Within the data that follows, set down exactly the lines from the one containing "Lemma dist_xx x : dist e x x = 0." through the one containing "apply/existsP/idP => [[z", both ends included.

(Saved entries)
= Beginning of Section =
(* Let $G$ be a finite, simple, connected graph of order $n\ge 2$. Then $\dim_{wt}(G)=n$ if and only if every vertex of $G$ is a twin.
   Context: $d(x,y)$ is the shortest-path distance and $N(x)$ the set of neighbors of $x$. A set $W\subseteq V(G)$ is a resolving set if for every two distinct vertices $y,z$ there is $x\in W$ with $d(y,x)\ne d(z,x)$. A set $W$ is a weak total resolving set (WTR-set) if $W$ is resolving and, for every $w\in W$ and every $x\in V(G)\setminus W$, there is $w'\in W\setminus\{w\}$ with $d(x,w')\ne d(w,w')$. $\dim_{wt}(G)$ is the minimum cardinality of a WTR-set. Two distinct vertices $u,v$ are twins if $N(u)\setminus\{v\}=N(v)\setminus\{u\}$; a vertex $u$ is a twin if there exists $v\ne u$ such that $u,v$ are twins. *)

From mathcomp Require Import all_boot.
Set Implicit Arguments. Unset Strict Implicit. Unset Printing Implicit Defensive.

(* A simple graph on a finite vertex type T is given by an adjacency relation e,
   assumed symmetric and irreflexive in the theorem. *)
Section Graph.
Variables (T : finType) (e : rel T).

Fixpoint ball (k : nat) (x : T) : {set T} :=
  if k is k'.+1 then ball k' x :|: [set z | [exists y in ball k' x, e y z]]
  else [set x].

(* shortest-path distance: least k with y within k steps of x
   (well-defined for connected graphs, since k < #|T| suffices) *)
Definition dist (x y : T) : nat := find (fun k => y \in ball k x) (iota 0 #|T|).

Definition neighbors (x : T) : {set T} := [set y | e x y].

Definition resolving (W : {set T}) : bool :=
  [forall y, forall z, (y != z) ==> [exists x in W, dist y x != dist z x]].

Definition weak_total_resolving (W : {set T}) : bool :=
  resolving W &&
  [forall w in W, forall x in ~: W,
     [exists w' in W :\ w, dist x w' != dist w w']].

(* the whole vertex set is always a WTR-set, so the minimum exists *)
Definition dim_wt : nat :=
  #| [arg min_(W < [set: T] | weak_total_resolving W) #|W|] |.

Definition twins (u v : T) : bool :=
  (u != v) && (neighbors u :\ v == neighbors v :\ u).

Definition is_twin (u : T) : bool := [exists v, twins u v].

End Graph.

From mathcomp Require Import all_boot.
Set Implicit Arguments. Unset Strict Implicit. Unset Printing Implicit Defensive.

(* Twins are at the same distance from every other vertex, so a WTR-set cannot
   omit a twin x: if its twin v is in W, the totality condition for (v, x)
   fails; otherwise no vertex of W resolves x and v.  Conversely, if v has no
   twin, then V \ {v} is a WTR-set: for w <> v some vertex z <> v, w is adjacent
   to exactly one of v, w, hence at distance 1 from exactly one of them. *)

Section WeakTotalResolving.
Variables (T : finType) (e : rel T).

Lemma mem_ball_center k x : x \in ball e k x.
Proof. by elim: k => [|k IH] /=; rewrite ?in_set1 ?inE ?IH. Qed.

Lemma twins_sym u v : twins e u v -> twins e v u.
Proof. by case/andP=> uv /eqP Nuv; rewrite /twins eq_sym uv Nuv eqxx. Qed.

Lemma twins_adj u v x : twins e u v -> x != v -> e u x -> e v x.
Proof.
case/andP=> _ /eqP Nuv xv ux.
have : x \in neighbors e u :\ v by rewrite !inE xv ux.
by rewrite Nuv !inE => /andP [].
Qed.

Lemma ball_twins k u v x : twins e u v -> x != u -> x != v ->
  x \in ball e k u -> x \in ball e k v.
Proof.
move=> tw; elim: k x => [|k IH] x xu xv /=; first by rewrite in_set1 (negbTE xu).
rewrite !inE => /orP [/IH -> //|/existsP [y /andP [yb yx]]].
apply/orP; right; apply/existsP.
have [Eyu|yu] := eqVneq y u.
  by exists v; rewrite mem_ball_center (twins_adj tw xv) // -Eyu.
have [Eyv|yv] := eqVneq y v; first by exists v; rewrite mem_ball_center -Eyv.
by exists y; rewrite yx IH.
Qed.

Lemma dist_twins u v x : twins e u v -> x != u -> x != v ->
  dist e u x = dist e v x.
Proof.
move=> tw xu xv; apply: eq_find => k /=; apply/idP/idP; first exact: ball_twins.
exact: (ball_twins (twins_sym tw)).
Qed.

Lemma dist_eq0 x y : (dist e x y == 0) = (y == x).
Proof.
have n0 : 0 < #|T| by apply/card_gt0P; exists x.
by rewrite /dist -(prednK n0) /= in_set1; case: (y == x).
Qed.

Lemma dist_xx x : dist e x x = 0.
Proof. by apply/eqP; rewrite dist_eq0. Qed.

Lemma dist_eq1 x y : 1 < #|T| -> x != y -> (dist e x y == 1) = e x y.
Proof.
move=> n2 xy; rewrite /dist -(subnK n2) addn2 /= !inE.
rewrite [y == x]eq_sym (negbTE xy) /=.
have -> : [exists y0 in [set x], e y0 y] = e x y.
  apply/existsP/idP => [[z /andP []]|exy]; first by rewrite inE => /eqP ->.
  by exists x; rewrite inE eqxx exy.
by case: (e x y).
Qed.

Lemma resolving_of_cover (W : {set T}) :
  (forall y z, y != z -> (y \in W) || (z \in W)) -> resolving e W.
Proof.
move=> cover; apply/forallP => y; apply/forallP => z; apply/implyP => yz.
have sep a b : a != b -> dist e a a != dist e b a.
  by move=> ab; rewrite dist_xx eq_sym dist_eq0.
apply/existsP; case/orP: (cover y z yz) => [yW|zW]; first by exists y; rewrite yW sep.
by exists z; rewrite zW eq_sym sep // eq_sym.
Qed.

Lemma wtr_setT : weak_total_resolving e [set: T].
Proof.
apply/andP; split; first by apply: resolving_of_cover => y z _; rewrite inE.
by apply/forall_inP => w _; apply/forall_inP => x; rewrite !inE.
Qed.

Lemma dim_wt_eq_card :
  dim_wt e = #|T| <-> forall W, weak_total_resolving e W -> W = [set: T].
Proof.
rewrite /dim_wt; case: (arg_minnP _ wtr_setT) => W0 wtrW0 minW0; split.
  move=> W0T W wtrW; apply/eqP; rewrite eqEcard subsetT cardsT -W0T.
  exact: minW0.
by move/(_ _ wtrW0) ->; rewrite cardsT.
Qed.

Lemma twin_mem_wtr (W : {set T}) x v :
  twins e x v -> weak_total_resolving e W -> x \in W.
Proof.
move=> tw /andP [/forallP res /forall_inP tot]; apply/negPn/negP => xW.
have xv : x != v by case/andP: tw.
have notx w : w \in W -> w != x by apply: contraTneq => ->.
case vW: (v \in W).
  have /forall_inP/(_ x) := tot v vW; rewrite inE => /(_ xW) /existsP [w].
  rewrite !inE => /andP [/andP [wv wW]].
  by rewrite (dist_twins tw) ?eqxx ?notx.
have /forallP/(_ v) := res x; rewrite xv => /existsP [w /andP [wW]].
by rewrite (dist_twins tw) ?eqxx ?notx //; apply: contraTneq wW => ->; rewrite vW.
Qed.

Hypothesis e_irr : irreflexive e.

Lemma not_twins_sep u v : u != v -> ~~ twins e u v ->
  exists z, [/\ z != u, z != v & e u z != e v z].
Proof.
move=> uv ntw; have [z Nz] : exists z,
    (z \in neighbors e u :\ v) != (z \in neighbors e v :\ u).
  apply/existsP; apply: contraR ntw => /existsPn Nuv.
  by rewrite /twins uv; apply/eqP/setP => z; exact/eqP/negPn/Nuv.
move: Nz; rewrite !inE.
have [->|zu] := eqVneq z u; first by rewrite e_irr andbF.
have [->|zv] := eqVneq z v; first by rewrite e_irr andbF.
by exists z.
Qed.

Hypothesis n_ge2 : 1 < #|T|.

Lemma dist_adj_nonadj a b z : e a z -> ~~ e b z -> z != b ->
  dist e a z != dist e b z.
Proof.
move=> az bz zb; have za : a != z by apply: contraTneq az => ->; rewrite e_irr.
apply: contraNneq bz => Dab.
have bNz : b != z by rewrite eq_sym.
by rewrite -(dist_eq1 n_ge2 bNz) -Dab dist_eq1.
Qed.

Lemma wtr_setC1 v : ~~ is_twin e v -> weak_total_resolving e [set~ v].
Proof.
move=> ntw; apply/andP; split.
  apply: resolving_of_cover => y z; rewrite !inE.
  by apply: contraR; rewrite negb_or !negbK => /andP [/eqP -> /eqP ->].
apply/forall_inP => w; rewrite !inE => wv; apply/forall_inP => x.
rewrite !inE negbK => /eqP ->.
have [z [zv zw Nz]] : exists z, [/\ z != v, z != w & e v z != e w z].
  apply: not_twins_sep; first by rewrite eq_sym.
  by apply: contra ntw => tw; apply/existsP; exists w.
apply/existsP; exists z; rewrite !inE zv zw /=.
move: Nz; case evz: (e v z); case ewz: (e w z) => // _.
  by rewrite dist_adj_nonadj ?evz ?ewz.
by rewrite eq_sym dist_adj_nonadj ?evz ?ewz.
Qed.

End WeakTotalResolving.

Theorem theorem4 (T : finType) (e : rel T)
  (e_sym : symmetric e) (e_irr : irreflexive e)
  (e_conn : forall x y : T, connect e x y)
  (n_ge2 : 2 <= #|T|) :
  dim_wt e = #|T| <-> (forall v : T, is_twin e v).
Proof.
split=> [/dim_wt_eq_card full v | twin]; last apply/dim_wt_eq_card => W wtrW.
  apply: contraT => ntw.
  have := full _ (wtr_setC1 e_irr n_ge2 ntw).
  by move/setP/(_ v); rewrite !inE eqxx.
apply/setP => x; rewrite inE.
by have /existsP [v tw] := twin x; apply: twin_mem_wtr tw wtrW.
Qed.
= End of Section =
▶ **RESULT**
Lemma dist_xx x : dist e x x = 0.
Proof. by apply/eqP; rewrite dist_eq0. Qed.

Lemma dist_eq1 x y : 1 < #|T| -> x != y -> (dist e x y == 1) = e x y.
Proof.
move=> n2 xy; rewrite /dist -(subnK n2) addn2 /= !inE.
rewrite [y == x]eq_sym (negbTE xy) /=.
have -> : [exists y0 in [set x], e y0 y] = e x y.
  apply/existsP/idP => [[z /andP []]|exy]; first by rewrite inE => /eqP ->.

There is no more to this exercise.